Most recently, I came to the conclusion that I needed to make another big change in my life. In order to better pursue my dreams of traveling, I need to have true financial freedom. Without debt, the possibilities of where I can go are virtually endless. I made the difficult decision to sell my car, coincidentally exactly three years from the day I purchased it. The process of driving to the sale was unexpectedly emotional, I didn’t realize I would have such a strong reaction to letting it go. I couldn’t get past how it felt as if I was abandoning my best friend and I cried all the way there and off and on the rest of the day. I had so many good memories wrapped up in that car, roadtripping with Cole, exploring thousands of miles of Oregon, Washington, and California over the last three years. Now is the time to focus on the positive though. I will use the money saved from that expense to pay off my credit card and old medical debt. It’s going to mean a few adjustments on how I get around town but I feel confident I’ll navigate all of that just fine. There are also a plethora of rental cars to choose from in town for those road trips Cole and I enjoy so much. Another step I’m taking toward this financial goal is moving to a studio apartment on the Northwest side of town in February. It will mean significant savings in my rent to further help my debt payoff with the added bonus of a new neighborhood for Cole and me to explore. It also gives me another opportunity to further minimalize my belongings which is a process I truly enjoy. It’s an interesting process to go through and an eye-opening one at that. So much of our stuff really isn’t needed to have a comfortable life. As I slowly sell things off, I see all the space that is opening up in my current one bedroom apartment and I think I finally understand what I’ve read a hundred times: the more space you have, the more things you will acquire to fill it up.

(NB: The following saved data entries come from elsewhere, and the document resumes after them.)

(* Let $\mathbb{K}$ be an algebraically closed field of characteristic zero and $N=2m\ge 2$ even. Then $\operatorname{Der}(\mathcal{H}_{N})\cong \mathcal{H}_{N}$.
   Context: Let $A_N=\mathbb{K}[t_1^{\pm1},\dots,t_N^{\pm1}]$, $d_i=t_i\frac{\partial}{\partial t_i}$, and $t^{\bm r}=t_1^{r_1}\cdots t_N^{r_N}$ for $\bm r\in\mathbb{Z}^N$. Let $(\cdot,\cdot)$ be the standard bilinear form on $\mathbb{K}^N$, $(e_i,e_j)=\delta_{ij}$. For $u\in\mathbb{K}^N$, $\bm r\in\mathbb{Z}^N$ put $D(u,\bm r)=\sum_i u_i t^{\bm r}d_i$. Let $\bm J=\begin{pmatrix} O_m & I_m\\ -I_m & O_m\end{pmatrix}$, $\overline{\bm r}=\bm J\bm r$, $h_{\bm r}=D(\overline{\bm r},\bm r)$ (so $h_{\bm 0}=0$), $\mathfrak h=\operatorname{span}_{\mathbb{K}}\{d_1,\dots,d_N\}$. The Hamiltonian Lie algebra is $\mathcal{H}_N=\operatorname{span}_{\mathbb{K}}\{h_{\bm r}:\bm r\ne\bm 0\}\oplus\mathfrak h$ with commutator bracket, $[h_{\bm r},h_{\bm s}]=(\overline{\bm r},\bm s)h_{\bm r+\bm s}$, $[D(u,\bm 0),h_{\bm r}]=(u,\bm r)h_{\bm r}$. $\operatorname{Der}$ denotes the Lie algebra of derivations. *)

From HB Require Import structures.
From mathcomp Require Import all_boot all_order all_algebra.
From mathcomp Require Import finmap.
From mathcomp Require Import monalg.

Set Implicit Arguments.
Unset Strict Implicit.
Unset Printing Implicit Defensive.

Import Order.TTheory GRing.Theory Num.Theory.
Local Open Scope ring_scope.

Section Hamiltonian.
Variables (K : fieldType) (m : nat).

(* N = 2m = m + m; vectors r in Z^N are integer column vectors. *)
Definition latt := 'cV[int]_(m + m).

Definition Jmx : 'M[int]_(m + m) := block_mx 0 1%:M (- 1%:M) 0.

Definition rbar (r : latt) : latt := Jmx *m r.

Definition pairK (u s : latt) : K := \sum_(i < m + m) ((u i 0) * (s i 0))%:~R.

(* Basis of H_N: h_r for r <> 0 (tag inl), and d_i for i < N (tag inr),
   where d_1,...,d_N span the abelian subalgebra \mathfrak h. *)
Definition HKey := ({r : latt | r != 0} + 'I_(m + m))%type.

Definition HN := {malg K[HKey]}.

(* h_r as an element of H_N, with the convention h_0 = 0 *)
Definition hvec (c : K) (t : latt) : HN :=
  match insub t with
  | Some t' => << c *g (inl t' : HKey) >>
  | None => 0
  end.

Definition basis_br (a b : HKey) : HN :=
  match a, b with
  | inl r, inl s => hvec (pairK (rbar (val r)) (val s)) (val r + val s)
  | inr i, inl s => << ((val s) i 0)%:~R *g (inl s : HKey) >>
  | inl r, inr j => << (- ((val r) j 0)%:~R) *g (inl r : HKey) >>
  | inr _, inr _ => 0
  end.

Definition Hbr (x y : HN) : HN :=
  \sum_(a <- msupp x) \sum_(b <- msupp y) (x@_a * y@_b) *: basis_br a b.

Definition is_derivation (D : HN -> HN) : Prop :=
  (forall (c : K) (x y : HN), D (c *: x + y) = c *: D x + D y) /\
  (forall x y : HN, D (Hbr x y) = Hbr (D x) y + Hbr x (D y)).

Definition Der_iso_HN : Prop :=
  exists phi : (HN -> HN) -> HN,
    [/\ (forall (a b : K) (D1 D2 : HN -> HN),
           is_derivation D1 -> is_derivation D2 ->
           phi (fun x => a *: D1 x + b *: D2 x) = a *: phi D1 + b *: phi D2),
        (forall D1 D2 : HN -> HN,
           is_derivation D1 -> is_derivation D2 ->
           phi (fun x => D1 (D2 x) - D2 (D1 x)) = Hbr (phi D1) (phi D2)),
        (forall D1 D2 : HN -> HN,
           is_derivation D1 -> is_derivation D2 -> phi D1 = phi D2 -> D1 = D2)
      & (forall y : HN, exists2 D, is_derivation D & phi D = y)].

End Hamiltonian.

From HB Require Import structures.
From mathcomp Require Import all_boot all_order all_algebra.
From mathcomp Require Import finmap monalg.
From mathcomp Require Import ring zify.
From Stdlib Require Import ClassicalEpsilon FunctionalExtensionality.

(* Every derivation is inner and the centre is trivial, so
   [ad : H_N -> Der(H_N)] is a Lie algebra isomorphism (the Jacobi identity
   makes it a homomorphism).  Given a derivation [D], subtracting a suitable
   [ad x] kills the [h]-components of every [D d_i]; then [D d_i = 0], so [D h_t]
   is a common eigenvector of the [ad d_i] with weight [t], i.e. [D h_t = E t h_t].
   Applying [D] to [[h_r, h_s] = omega(r,s) h_(r+s)] gives [E (r + s) = E r + E s]
   whenever [omega(r,s) != 0]; as finitely many nonzero forms [omega(a, .)] have a
   common non-root, [E] is additive, and [D = ad (sum_j E(e_j) d_j)]. *)

Set Implicit Arguments.
Unset Strict Implicit.
Unset Printing Implicit Defensive.

Import Order.TTheory GRing.Theory Num.Theory.
Local Open Scope ring_scope.

Section SymplecticLattice.
Variable m : nat.
Local Notation latt := (latt m).
Implicit Types (p q r s t u v : latt) (l : seq latt).

Lemma latt_neq0P s : s != 0 -> exists j, s j 0 != 0.
Proof.
move=> s0; apply/existsP; apply: contraR s0 => /existsPn s0.
by apply/eqP/matrixP => i k; rewrite ord1 mxE; apply/eqP/negPn.
Qed.

Lemma delta_neq0 j : delta_mx j 0 != 0 :> latt.
Proof. by apply/eqP => /matrixP /(_ j 0); rewrite !mxE !eqxx. Qed.

Lemma addrr_eq0 s : (s + s == 0) = (s == 0).
Proof.
apply/eqP/eqP => [/matrixP ss|->]; last by rewrite addr0.
by apply/matrixP => i j; have /eqP := ss i j; rewrite !mxE -mulr2n mulrn_eq0 => /eqP.
Qed.

Definition dot u s : int := \sum_(i < m + m) u i 0 * s i 0.

Lemma dotE u s : dot u s = (u^T *m s) 0 0.
Proof. by rewrite mxE; apply: eq_bigr => i _; rewrite mxE. Qed.

Lemma dotDl u v s : dot (u + v) s = dot u s + dot v s.
Proof. by rewrite !dotE linearD /= mulmxDl mxE. Qed.

Lemma dotDr u s t : dot u (s + t) = dot u s + dot u t.
Proof. by rewrite !dotE mulmxDr mxE. Qed.

Lemma dotZr u (c : int) s : dot u (c *: s) = c * dot u s.
Proof. by rewrite !dotE -scalemxAr mxE. Qed.

Lemma dot0l s : dot 0 s = 0.
Proof. by rewrite dotE trmx0 mul0mx mxE. Qed.

Lemma dot0r u : dot u 0 = 0.
Proof. by rewrite dotE mulmx0 mxE. Qed.

Lemma dot_delta i s : dot (delta_mx i 0) s = s i 0.
Proof.
rewrite /dot (bigD1 i) //= big1 ?addr0 => [|j ji]; first by rewrite mxE !eqxx mul1r.
by rewrite mxE (negPf ji) mul0r.
Qed.

Lemma dot_self_eq0 u : (dot u u == 0) = (u == 0).
Proof.
apply/idP/eqP => [|->]; last by rewrite dot0l.
rewrite psumr_eq0 => [/allP u0|i _]; last by rewrite -expr2 sqr_ge0.
apply/matrixP => i j; rewrite ord1 mxE.
by move: (u0 i (mem_index_enum _)); rewrite /= mulf_eq0 orbb => /eqP.
Qed.

Lemma pairKE (K : fieldType) u s : pairK K u s = (dot u s)%:~R.
Proof. by rewrite /pairK rmorph_sum. Qed.

Lemma rbarD p q : rbar (p + q) = rbar p + rbar q.
Proof. exact: mulmxDr. Qed.

Lemma rbarK p : rbar (rbar p) = - p.
Proof.
rewrite /rbar mulmxA /Jmx mulmx_block !mulmx0 !mul0mx !addr0 !add0r.
rewrite mulmxN mulNmx !mul1mx.
have -> : block_mx (- 1%:M) 0 0 (- 1%:M) = - (1%:M : 'M[int]_(m + m)).
  by rewrite (scalar_mx_block m m 1) opp_block_mx !oppr0.
by rewrite mulNmx mul1mx.
Qed.

Lemma trmx_Jmx : (Jmx m)^T = - Jmx m.
Proof.
rewrite /Jmx tr_block_mx opp_block_mx !trmx0 !oppr0 linearN /= tr_scalar_mx.
by rewrite opprK.
Qed.

Definition omega p q : int := dot (rbar p) q.

Lemma omegaDl p q s : omega (p + q) s = omega p s + omega q s.
Proof. by rewrite /omega rbarD dotDl. Qed.

Lemma omegaDr p q s : omega p (q + s) = omega p q + omega p s.
Proof. exact: dotDr. Qed.

Lemma omegaZr p (c : int) q : omega p (c *: q) = c * omega p q.
Proof. exact: dotZr. Qed.

Lemma omegaNr p q : omega p (- q) = - omega p q.
Proof. by rewrite -scaleN1r omegaZr mulN1r. Qed.

Lemma omega0l s : omega 0 s = 0.
Proof. by rewrite /omega /rbar mulmx0 dot0l. Qed.

Lemma omega0r p : omega p 0 = 0.
Proof. exact: dot0r. Qed.

Lemma omegaE p q : omega p q = - (p^T *m Jmx m *m q) 0 0.
Proof. by rewrite /omega dotE /rbar trmx_mul trmx_Jmx mulmxN mulNmx mxE. Qed.

Lemma omega_anti p q : omega q p = - omega p q.
Proof.
rewrite !omegaE opprK -[in LHS](trmxK (q^T *m _ *m _)) [_^T^T 0 0]mxE.
by rewrite !trmx_mul trmxK trmx_Jmx mulNmx mulmxN mulmxA mxE opprK.
Qed.

Lemma omega_self p : omega p p = 0.
Proof. by have := omega_anti p p; lia. Qed.

Lemma omega_rbar_neq0 p : p != 0 -> omega p (rbar p) != 0.
Proof.
move=> p0; rewrite /omega dot_self_eq0; apply: contra p0 => /eqP/(congr1 (@rbar m)).
by rewrite rbarK /rbar mulmx0 => /eqP; rewrite oppr_eq0.
Qed.

(* If [omega a t = 0], move [t] to [rbar a + n t]: [omega a (rbar a) != 0], while [n]
   exceeds every [|omega b (rbar a)|], so [omega b t != 0] survives. *)
Lemma omega_avoid l : all (fun a => a != 0) l ->
  exists t, all (fun a => omega a t != 0) l.
Proof.
elim: l => [|a l IH] /=; first by exists 0.
move=> /andP[a0 /IH [t lt]].
have [at0|at0] := eqVneq (omega a t) 0; last by exists t; rewrite at0.
pose n : int := 1 + \sum_(c <- l) `|omega c (rbar a)|.
exists (rbar a + n *: t); rewrite omegaDr omegaZr at0 mulr0 addr0 omega_rbar_neq0 //=.
apply/allP => b bl; rewrite omegaDr omegaZr.
have bt : omega b t != 0 by move/allP: lt => /(_ b bl).
have : `|omega b (rbar a)| <= \sum_(c <- l) `|omega c (rbar a)|.
  rewrite (big_rem b bl) /= lerDl sumr_ge0 // => c _.
rewrite /n; move: bt; set S := \sum_(_ <- _) _; set x := omega b _; set y := omega b t.
move=> ? ?; nia.
Qed.

Definition beta p v q w : int := omega p q + dot v q - dot w p.

Lemma beta_jacobi p v q w s u :
  (p = 0 \/ v = 0) -> (q = 0 \/ w = 0) -> (s = 0 \/ u = 0) ->
  beta q w s u * beta p v (q + s) 0 =
  beta p v q w * beta (p + q) 0 s u + beta p v s u * beta q w (p + s) 0.
Proof.
rewrite /beta !omegaDl !omegaDr !dotDr !dot0l (omega_anti q p).
by do 3![case=> ->]; rewrite ?omega0l ?omega0r ?dot0l ?dot0r; ring.
Qed.

Section OmegaAdditive.
Variables (V : zmodType) (E : latt -> V).
Hypotheses (E0 : E 0 = 0) (E_omega : forall r s, omega r s != 0 -> E (r + s) = E r + E s).

(* Route [r + s] through an auxiliary [t] so that every sum involved has a nonzero [omega]. *)
Lemma omega_additiveD_nz r s : r != 0 -> s != 0 -> r + s != 0 -> E (r + s) = E r + E s.
Proof.
move=> r0 s0 rs0.
have := @omega_avoid [:: r + s; s; r]; rewrite /= rs0 s0 r0 => /(_ isT).
case=> t /and4P[rst st rt _].
have [t' [rst' st' rt']] : exists t',
    [/\ omega (r + s) t' != 0, omega s t' != 0 & omega r (s + t') != 0].
  have [rst0|rst0] := eqVneq (omega r s + omega r t) 0.
    by exists (t + t); rewrite !omegaDr; split; move: rst st rt rst0; lia.
  by exists t; rewrite omegaDr.
by have := E_omega rt'; rewrite addrA (E_omega rst') (E_omega st') addrA => /addIr.
Qed.

Lemma omega_additiveN r : E (- r) = - E r.
Proof.
have [->|r0] := eqVneq r 0; first by rewrite oppr0 E0 oppr0.
have rr0 : r + r != 0 by rewrite addrr_eq0.
have := @omega_additiveD_nz (- r) (r + r); rewrite oppr_eq0 addKr r0 rr0.
rewrite (omega_additiveD_nz r0 r0 rr0) => /(_ isT isT isT) /eqP; rewrite -subr_eq => /eqP <-.
by rewrite opprD addrA subrr sub0r.
Qed.

Lemma omega_additiveD : {morph E : r s / r + s}.
Proof.
move=> r s; have [->|r0] := eqVneq r 0; first by rewrite add0r E0 add0r.
have [->|s0] := eqVneq s 0; first by rewrite addr0 E0 addr0.
have [rs|rs0] := eqVneq (r + s) 0; last exact: omega_additiveD_nz.
by move/eqP: rs; rewrite addr_eq0 => /eqP ->; rewrite omega_additiveN !addNr E0.
Qed.

Lemma omega_additiveB : zmod_morphism E.
Proof. by move=> r s; rewrite omega_additiveD omega_additiveN. Qed.

HB.instance Definition _ := GRing.isZmodMorphism.Build latt V E omega_additiveB.

Lemma omega_additive_delta t : E t = \sum_(j < m + m) E (delta_mx j 0) *~ t j 0.
Proof.
rewrite {1}(matrix_sum_delta t) raddf_sum; apply: eq_bigr => j _.
rewrite big_ord1 (_ : ord0 = 0); last exact: val_inj.
by rewrite -{1}[t j 0]intz scaler_int raddfMz.
Qed.

End OmegaAdditive.

End SymplecticLattice.

Section Hamiltonian.
Variables (K : fieldType) (m : nat).
Local Notation HN := (HN K m).
Local Notation HKey := (HKey m).
Local Notation latt := (latt m).
Local Notation nzlatt := {r : latt | r != 0}.
Local Notation Hbr := (@Hbr K m).
Local Notation basis_br := (@basis_br K m).
Local Notation hvec := (@hvec K m).
Implicit Types (p q r s t u v w : latt) (a b k : HKey) (x y z : HN).

Definition bvec k : HN := << k >>.

Lemma monalgU_bvec (c : K) k : << c *g k >> = c *: bvec k :> HN.
Proof. by apply/malgP => k'; rewrite mcoeffZ !mcoeffU mulr_natr. Qed.

Lemma mcoeff_bvec k k' : (bvec k)@_k' = (k == k')%:R.
Proof. exact: mcoeffU. Qed.

Lemma bvec_expand x : x = \sum_(k <- msupp x) x@_k *: bvec k.
Proof. by rewrite {1}[x]monalgE; apply: eq_bigr => k _; rewrite monalgU_bvec. Qed.

Definition linext (F : HKey -> HN) (x : HN) : HN := \sum_(k <- msupp x) x@_k *: F k.

Lemma linextEw F x (d : {fset HKey}) : (msupp x `<=` d)%fset ->
  linext F x = \sum_(k <- d) x@_k *: F k.
Proof.
move=> le; rewrite /linext (big_fset_incl _ le) // => k _ /mcoeff_outdom ->.
by rewrite scale0r.
Qed.

Lemma linext_is_linear F : linear (linext F).
Proof.
move=> c x y; set d := (msupp x `|` msupp y)%fset.
have hxy : (msupp (c *: x + y) `<=` d)%fset.
  by apply: fsubset_trans (msuppD_le _ _) _; rewrite fsetUSS // msuppZ_le.
rewrite (linextEw _ hxy) (linextEw F (fsubsetUl _ (msupp y))).
rewrite (linextEw F (fsubsetUr (msupp x) _)) scaler_sumr -big_split /=.
by apply: eq_bigr => k _; rewrite mcoeffD mcoeffZ scalerDl scalerA.
Qed.

HB.instance Definition _ F :=
  GRing.isLinear.Build K HN HN *:%R (linext F) (linext_is_linear F).

Lemma linext_bvec F k : linext F (bvec k) = F k.
Proof. by rewrite /linext /bvec msuppU oner_eq0 big_seq_fset1 mcoeffUU scale1r. Qed.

I’m not sure what to expect in 2018. I guess all any of us can do is trust that whatever happens is needed to get us where we’re supposed to be. This year, I’m especially thankful for the friends who supported me, my family who loves me from afar, an amazing little pug who is always by my side, a job with a great company that has been so understanding of my health issues, and for the privilege of living in such a beautiful part of the country. Happy New Year to all of you and thanks so much for following this crazy journey that is my life.